## ACTIVITY:
Show every line below where "exists" appears.

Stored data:
>>>>>

Lemma fork_inv_honest_root_unique i j : 0 < i < length bs' -> 0 < j < length bs' ->
  by_attacker bs' i = false -> by_attacker bs' j = false ->
  parent bs' i = Some 0 -> parent bs' j = Some 0 -> i = j.
Proof.
  destruct FI as [_ _ _ _ _ _ _ _ Uniq _ Noh _ _ _ _ _ _].
  destruct honest_tip_cases as [Hq [_ Hq1]].
  assert (New : forall k, 0 < k < length bs -> by_attacker bs k = false ->
                parent bs' (length bs) = Some 0 -> False).
  { intros k Hk Ak P. rewrite parent_new in P. injection P as P.
    destruct hch as [|h0 hch']; [rewrite (Noh eq_refl k Hk) in Ak; discriminate|].
    destruct Hq1 as [Hq2 _]; [discriminate|]. cbn in P, Hq2. lia. }
  intros Hi Hj Ai Aj Pi Pj. rewrite length_new in Hi, Hj.
  destruct (Nat.eq_dec i (length bs)) as [->|Hne];
    destruct (Nat.eq_dec j (length bs)) as [->|Hne']; auto.
  - rewrite attacker_old in Aj by lia. exfalso. apply (New j); auto. lia.
  - rewrite attacker_old in Ai by lia. exfalso. apply (New i); auto. lia.
  - rewrite attacker_old in Ai, Aj by lia. rewrite parent_old in Pi, Pj by lia.
    apply Uniq; auto; lia.
Qed.

Lemma fork_inv_honest : fork_inv n1 (c ++ [l]) bs' ach (length bs :: hch).
Proof.
  pose proof fork_inv_honest_parent as Hpar'. pose proof fork_inv_honest_root_unique as Uniq'.
  destruct FI as [W Cy Ne Ha Haa Anc AttAnc _ _ Hh _ Hhh NA NH Pure Imp Root].
  destruct honest_tip_cases as [Hq [Hq0 _]].
  assert (AnO : forall x i, i < length bs -> ancestor bs' x i <-> ancestor bs x i)
    by (intros; now apply ancestor_old).
  constructor; cbn [hd length hd_error]; rewrite ?length_new.
  - now apply mine_well_formed.
  - intros i Hi. destruct (Nat.eq_dec i (length bs)) as [->|Hne]; [apply cycle_new|].
    rewrite cycle_old by lia. apply Cy. lia.
  - exact Ne.
  - lia.
  - now rewrite attacker_old by lia.
  - intros x Hx. apply AnO in Hx; [|lia]. pose proof (ancestor_le _ _ W _ _ Hx).
    rewrite attacker_old by lia. auto.
  - intros i Hi Hatt. destruct (Nat.eq_dec i (length bs)) as [->|Hne].
    + now rewrite attacker_new in Hatt.
    + rewrite attacker_old in Hatt by lia. apply AnO; [lia|]. apply AttAnc; auto; lia.
  - intros i Hi Ai. apply Hpar'; [rewrite length_new; lia|exact Ai].
  - intros i j Hi Hj Ai Aj Pi Pj. apply Uniq'; rewrite ?length_new; assumption.
  - now rewrite height_old by lia.
  - discriminate.
  - intros h0 [= <-]. split; [lia|apply attacker_new].
  - rewrite count_A_app, NA. destruct l; try discriminate; cbn; lia.
  - rewrite count_H_app, NH. destruct l; try discriminate; cbn; lia.
  - now rewrite is_pure_snoc_H, Pure, attackers_first_honest_new.
  - rewrite attackers_first_honest_new. intros NF.
    destruct (Imp NF) as [(h1 & x & Hh1 & Ah1 & Ph1 & Hx & Ax & Rx)|Gt]; [left|now right].
    exists h1, x. rewrite length_new, !attacker_old, parent_old, refs_old by lia.
    repeat split; auto; lia.
  - intros _. destruct hch as [|h0 hch'].
    + exists (length bs). rewrite attacker_new, parent_new, Hq0 by reflexivity.
      repeat split; auto; lia.
    + destruct (Root ltac:(discriminate)) as (h1 & Hh1 & Ah1 & Ph1). exists h1.
      rewrite attacker_old, parent_old by lia. repeat split; auto; lia.
Qed.

End ForkHonest.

<<<<<

## ANSWER AREA:
    exists h1, x. rewrite length_new, !attacker_old, parent_old, refs_old by lia.
    + exists (length bs). rewrite attacker_new, parent_new, Hq0 by reflexivity.
    + destruct (Root ltac:(discriminate)) as (h1 & Hh1 & Ah1 & Ph1). exists h1.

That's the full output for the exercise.